Royal Courts of Justice

Strand, London, WC2A 2LL

Before:

His Honour Judge Mackie QC

Case No: 2011 FOLIO 1549

Between:
Nicholas David Tlelfer
Claimant
and
Costas Sakellarios
Defendant

Laurent Sykes (instructed by Spring Law) for the Claimant

Alan Gourgey QC and Hui Ling McCarthy (instructed by Davenport Lyons) for the Defendant

Hearing dates: 15 to 17 April 2013

Judge Mackie QC
1

This is a claim for payment of about £930,000 under a Deed ("the Deed") which required the Defendant to make a series of payments to the Claimant. The liability is undisputed in principle but the Defendant claims that he should have deducted PAYE on past payments and also on those now overdue but not yet made. The dispute raises issues of tax law, the application of which depends on differences about the construction of the Deed and about the facts.

2

Under the Deed dated 4 January 2007 between the parties the Defendant, Mr Sakellarios, agreed to make payments totalling £2,820,000 to the Claimant, Mr Telfer, in accordance with the instalment plan contained in the Schedule. By 7 May 2010, he had paid a total of £1,940,301 but had fallen behind with the payment schedule. By a supplemental deed ("the Supplemental Deed") dated 7 May 2010, the Deed was varied to give more time for payment. Since 7 May 2010, Mr Sakellarios has made further payments totalling £155,000.

3

The Deed provides by clause 6.1 that all amounts due shall be paid in full without any deduction or withholding other than as required by law.
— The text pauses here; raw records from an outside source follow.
(* Let $Q,P\in S^2_0(\mathbb R^4)$ with $\det Q<0$, and suppose that $P=\mu Q$ for some $\mu\in\mathbb R\setminus\{0\}$ (coupled condition) and that $(\operatorname{Adj}Q)_0=\nu\,(P^2)_0$ for some $\nu\in\mathbb R$ (co-coupled condition). Then there exist $g\in\mathrm{SO}(4)$ and nonzero reals $q,p$ such that $Q=q\,gDg^T$ and $P=p\,gDg^T$, where $D=\operatorname{diag}(-3,1,1,1)$. In other words, modulo equivalence and scaling, the unique invariant nearly-Kähler structure on $S^3\times S^3$ corresponds to $(Q,P)=(q\,D,p\,D)$ with cohomology class $c=0$.
   Context: $S^2_0(\mathbb R^4)$ is the space of real symmetric trace-free $4\times4$ matrices; $X_0=X-\frac14(\operatorname{tr}X)I$; $\operatorname{Adj}$ is the adjugate. (In the paper's framework, invariant half-flat structures on $S^3\times S^3$ with $[\gamma]=0$ are encoded by commuting pairs $(Q,P)$ of such matrices with $\det Q<0$, where $P$ encodes $\omega$ and $Q$ encodes a primitive of $\gamma$; nearly-Kähler means both coupled and co-coupled, which in matrix form reads as the two conditions above.) *)

(* Real numbers are modelled by an arbitrary real closed field
   R : rcfType (the statement is purely algebraic). *)
From HB Require Import structures.
From mathcomp Require Import all_boot all_order all_algebra.
Set Implicit Arguments. Unset Strict Implicit. Unset Printing Implicit Defensive.
Import Order.TTheory GRing.Theory Num.Theory.
Local Open Scope ring_scope.

Definition sym_tracefree {R : rcfType} (X : 'M[R]_4) : Prop :=
  X^T = X /\ \tr X = 0.

Definition tf_part {R : rcfType} (X : 'M[R]_4) : 'M[R]_4 :=
  X - ((\tr X) / 4%:R)%:M.

Definition in_SO4 {R : rcfType} (g : 'M[R]_4) : Prop :=
  g *m g^T = 1%:M /\ \det g = 1.

Definition Dmat {R : rcfType} : 'M[R]_4 :=
  \matrix_(i < 4, j < 4) (if i == j then (if i == 0 :> nat then -3%:R else 1) else 0).

From HB Require Import structures.
From mathcomp Require Import all_boot all_order all_algebra.
From mathcomp Require Import ring lra.
Set Implicit Arguments. Unset Strict Implicit. Unset Printing Implicit Defensive.
Import Order.TTheory GRing.Theory Num.Theory.
Local Open Scope ring_scope.

(* Let Q be symmetric, trace-free, with det Q < 0.  The coupled and co-coupled
   conditions together say adj Q = kap Q^2 + c for scalars kap, c.  For a
   trace-free 4x4 matrix, Cayley-Hamilton gives adj Q = -Q^3 + (p2/2) Q + p3/3
   (p_k = tr Q^k), and Q adj Q = det Q.  Working with polynomials annihilating
   Q (the ring {poly R} is commutative, so these manipulations are plain
   polynomial identities), we find that Q is annihilated by a monic quadratic,
   and comparing with the characteristic relation forces it to be
   (X + 3a)(X - a) with a <> 0.  The spectral projector onto the eigenvalue -3a
   is then a symmetric idempotent of trace 1, hence u u^T for a unit vector u,
   so Q = a (1 - 4 u u^T).  Finally a Householder reflection, corrected by a
   reflection fixing e_0 if needed, gives g in SO(4) sending e_0 e_0^T to
   u u^T, and D = 1 - 4 e_0 e_0^T yields Q = a g D g^T, P = mu a g D g^T. *)

Section Adjugate4.
Variable R : numFieldType.

Lemma det3 (f : nat -> nat -> R) :
  \det (\matrix_(i < 3, j < 3) f i j) =
  f 0 0 * (f 1 1 * f 2 2 - f 1 2 * f 2 1)
  - f 0 1 * (f 1 0 * f 2 2 - f 1 2 * f 2 0)
  + f 0 2 * (f 1 0 * f 2 1 - f 1 1 * f 2 0).
Proof.
rewrite (expand_det_row _ 0) !big_ord_recl big_ord0 /cofactor.
rewrite !(expand_det_row _ 0) !big_ord_recl !big_ord0 /cofactor !det_mx11 !mxE /=.
by rewrite /bump /=; ring.
Qed.

(* The adjugate of a trace-free 4x4 matrix as a polynomial in the matrix
   (Cayley-Hamilton, with the coefficients written through Newton sums). *)
Lemma adj_tracefree4 (A : 'M[R]_4) : \tr A = 0 ->
  \adj A = - A ^+ 3 + (\tr (A ^+ 2) / 2%:R) *: A + (\tr (A ^+ 3) / 3%:R)%:M.
Proof.
pose f (a b : nat) := A (inord a) (inord b).
have eA : A = \matrix_(i < 4, j < 4) f i j.
  by apply/matrixP => i j; rewrite mxE /f !inord_val.
have -> : A ^+ 3 = A *m A *m A by rewrite !mulmxE -expr2 -exprSr.
have -> : A ^+ 2 = A *m A by rewrite mulmxE expr2.
rewrite eA /mxtrace !big_ord_recl big_ord0 !mxE /= /bump /= => tr0.
have f33 : f 3 3 = - (f 0 0 + f 1 1 + f 2 2) by rewrite -[f 3 3]subr0 -tr0 /=; ring.
apply/matrixP => i j; rewrite !mxE /cofactor.
have -> : row' j (col' i (\matrix_(i < 4, j < 4) f i j)) =
    \matrix_(k < 3, l < 3) f (bump j k) (bump i l) by apply/matrixP => k l; rewrite !mxE.
rewrite (det3 (fun k l => f (bump j k) (bump i l))) /mxtrace.
do 4 rewrite ?big_ord_recl ?big_ord0 ?mxE.
case: i => [[|[|[|[|//]]]] Hi]; case: j => [[|[|[|[|//]]]] Hj];
  rewrite /= /bump /= ?f33; field; by rewrite ?pnatr_eq0.
Qed.
End Adjugate4.

Section Annihilators.
Variables (R : fieldType) (n : nat).
Implicit Types (Q : 'M[R]_n.+1) (p q : {poly R}).

Definition poly4 (c4 c3 c2 c1 c0 : R) : {poly R} :=
  c4%:P * 'X^4 + c3%:P * 'X^3 + c2%:P * 'X^2 + c1%:P * 'X + c0%:P.

Definition annihilates Q p : Prop := horner_mx Q p = 0.

Lemma horner_poly4 Q c4 c3 c2 c1 c0 : horner_mx Q (poly4 c4 c3 c2 c1 c0) =
  c4 *: Q ^+ 4 + c3 *: Q ^+ 3 + c2 *: Q ^+ 2 + c1 *: Q + c0%:M.
Proof.
rewrite /poly4 !rmorphD !rmorphM /= !horner_mx_C !horner_mx_X.
by rewrite -!mulmxE !mul_scalar_mx !mulmxE !exprS expr0 !mulr1.
Qed.

Lemma mxtrace_horner_poly4 Q c4 c3 c2 c1 c0 :
  \tr (horner_mx Q (poly4 c4 c3 c2 c1 c0)) =
  c4 * \tr (Q ^+ 4) + c3 * \tr (Q ^+ 3) + c2 * \tr (Q ^+ 2) + c1 * \tr Q + c0 * n.+1%:R.
Proof. by rewrite horner_poly4 !mxtraceD !mxtraceZ mxtrace_scalar mulr_natr. Qed.

Lemma annihilates_mull Q p q : annihilates Q q -> annihilates Q (p * q).
Proof. by rewrite /annihilates rmorphM /= => ->; rewrite mulr0. Qed.

Lemma annihilates_add Q p q :
  annihilates Q p -> annihilates Q q -> annihilates Q (p + q).
Proof. by rewrite /annihilates rmorphD /= => -> ->; rewrite addr0. Qed.

Lemma annihilates_scaleK Q (c : R) p :
  c != 0 -> annihilates Q (c%:P * p) -> annihilates Q p.
Proof.
move=> c0; rewrite /annihilates rmorphM /= horner_mx_C -mulmxE mul_scalar_mx.
by move/eqP; rewrite scaler_eq0 (negbTE c0) => /eqP.
Qed.

(* Q adj Q = det Q: if p(Q) = adj Q then X p - det Q annihilates Q. *)
Lemma annihilates_adj Q p : horner_mx Q p = \adj Q ->
  annihilates Q ('X * p - (\det Q)%:P).
Proof.
move=> hp; rewrite /annihilates rmorphB rmorphM /= horner_mx_X horner_mx_C hp.
by rewrite -mulmxE mul_mx_adj subrr.
Qed.

Lemma poly4_monic_quadratic (c2 c1 c0 : R) : c2 != 0 ->
  poly4 0 0 c2 c1 c0 = c2%:P * poly4 0 0 1 (c1 / c2) (c0 / c2).
Proof.
move=> c20; rewrite /poly4 -{1}(divfK c20 c1) -{1}(divfK c20 c0).
by rewrite !rmorphM /=; ring.
Qed.

Lemma spectral_projector Q (r1 r2 : R) : r1 != r2 ->
  annihilates Q (('X - r1%:P) * ('X - r2%:P)) ->
  let M := (r1 - r2)^-1 *: (Q - r2%:M) in M *m M = M.
Proof.
move=> r12 hQ M; set c := (r1 - r2)^-1.
have hc : c * (r1 - r2) = 1 by rewrite mulVf // subr_eq0.
pose m := c%:P * ('X - r2%:P).
have hM : horner_mx Q m = M.
  by rewrite rmorphM rmorphB /= !horner_mx_C horner_mx_X -mulmxE mul_scalar_mx.
have hm : m * m - m = (c ^+ 2)%:P * (('X - r1%:P) * ('X - r2%:P)).
  have -> : m * m - m = (c ^+ 2)%:P * (('X - r1%:P) * ('X - r2%:P))
      + (c * (c * (r1 - r2) - 1))%:P * ('X - r2%:P).
    by rewrite /m !rmorphM !rmorphB /= rmorph1; ring.
  by rewrite hc subrr mulr0 rmorph0 mul0r addr0.
apply/eqP; rewrite -subr_eq0 -hM mulmxE -rmorphM -rmorphB /= hm.
by rewrite (annihilates_mull _ hQ).
Qed.
End Annihilators.

Section TraceFree.
Variables (R : numFieldType) (n : nat).
Implicit Types Q : 'M[R]_n.+1.

Lemma nonzero_of_det Q : \det Q != 0 -> Q != 0.
Proof. by apply: contraNneq => ->; rewrite det0. Qed.

(* A nonzero trace-free matrix is not scalar: no nonzero linear polynomial
   annihilates it. *)
Lemma annihilates_linear Q (c1 c0 : R) : \tr Q = 0 -> Q != 0 ->
  annihilates Q (poly4 0 0 0 c1 c0) -> c1 = 0 /\ c0 = 0.
Proof.
move=> trQ Q0 hc.
have /eqP : c0 * n.+1%:R = 0.
  by move: (congr1 mxtrace hc); rewrite mxtrace_horner_poly4 trQ mxtrace0 => <-; ring.
rewrite mulf_eq0 pnatr_eq0 orbF => /eqP c00; split=> //.
move: hc; rewrite /annihilates horner_poly4 c00 raddf0 !scale0r !add0r addr0.
by move/eqP; rewrite scaler_eq0 (negbTE Q0) orbF => /eqP.
Qed.
End TraceFree.

Section QuadraticAnnihilator.
Variable R : numFieldType.
Implicit Types Q : 'M[R]_4.

Definition adj_poly Q : {poly R} :=
  poly4 0 (-1) 0 (\tr (Q ^+ 2) / 2%:R) (\tr (Q ^+ 3) / 3%:R).

Lemma horner_adj_poly Q : \tr Q = 0 -> horner_mx Q (adj_poly Q) = \adj Q.
Proof.
by move=> trQ; rewrite horner_poly4 adj_tracefree4 // !scale0r add0r addr0 scaleN1r.
Qed.

(* If adj Q is a combination of Q^2 and 1, then Q satisfies a monic quadratic:
   combine adj_poly(X) - kap X^2 - c with kap X^3 + c X - det Q. *)
Lemma quadratic_annihilator Q (kap c : R) :
  \tr Q = 0 -> \det Q != 0 -> \adj Q = kap *: Q ^+ 2 + c%:M ->
  exists b e : R, annihilates Q (poly4 0 0 1 b e).
Proof.
move=> trQ dQ hadj; have Q0 := nonzero_of_det dQ.
set d := \det Q in dQ.
have kq : horner_mx Q (poly4 0 0 kap 0 c) = \adj Q.
  by rewrite horner_poly4 hadj !scale0r !add0r addr0.
have cubic : annihilates Q (poly4 0 kap 0 c (- d)).
  by have := annihilates_adj kq; rewrite /poly4 !rmorph0 -/d; congr annihilates; ring.
have diff : annihilates Q (adj_poly Q - poly4 0 0 kap 0 c).
  by rewrite /annihilates rmorphB /= horner_adj_poly // kq subrr.
have kap0 : kap != 0.
  apply: contra_neq dQ => k0; move: cubic; rewrite k0 => /(annihilates_linear trQ Q0).
  by case=> _ /eqP; rewrite oppr_eq0 => /eqP.
have k2 : - kap ^+ 2 != 0 by rewrite oppr_eq0 sqrf_eq0.
set u1 := kap * (\tr (Q ^+ 2) / 2%:R) + c.
set u0 := kap * (\tr (Q ^+ 3) / 3%:R - c) - d.
exists (u1 / - kap ^+ 2), (u0 / - kap ^+ 2).
apply: (annihilates_scaleK k2); rewrite -poly4_monic_quadratic //.
have -> : poly4 0 0 (- kap ^+ 2) u1 u0 =
    kap%:P * (adj_poly Q - poly4 0 0 kap 0 c) + poly4 0 kap 0 c (- d).
  by rewrite /adj_poly /poly4 /u1 /u0 !rmorphD; ring.
by apply: annihilates_add => //; apply: annihilates_mull.
Qed.
End QuadraticAnnihilator.

Section Roots.
Variable R : realFieldType.
Implicit Types Q : 'M[R]_4.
The Defendant's case is that each of the payments made or required to be made under the Deed constitutes employment income under the Income Tax (Earnings and Pensions) Act 2003. He says that he was obliged by law to make a deduction from the payments. He claims the right to deduct tax from future payments and to be reimbursed for what he should have deducted in the past. The Claimant contends that the Defendant's claim is misconceived on numerous grounds.

4

Both parties have been at fault in not accounting for tax due on the Deed and the transactions which surround it. Both are subject to investigation by HMRC and I have indicated that the Court will not make a final order in this case unless and until it is clear that its terms will not prejudice the public's ability to recover tax that one or both parties should properly pay. There is some confusion about quite what has been disclosed to HMRC by each party and with what result as disclosure on this issue was limited and given very late.

5

At the trial I heard evidence from each party, there were no other witnesses. While there was fundamental disagreement about what was said and why things were done at various times many facts are agreed or not much in dispute.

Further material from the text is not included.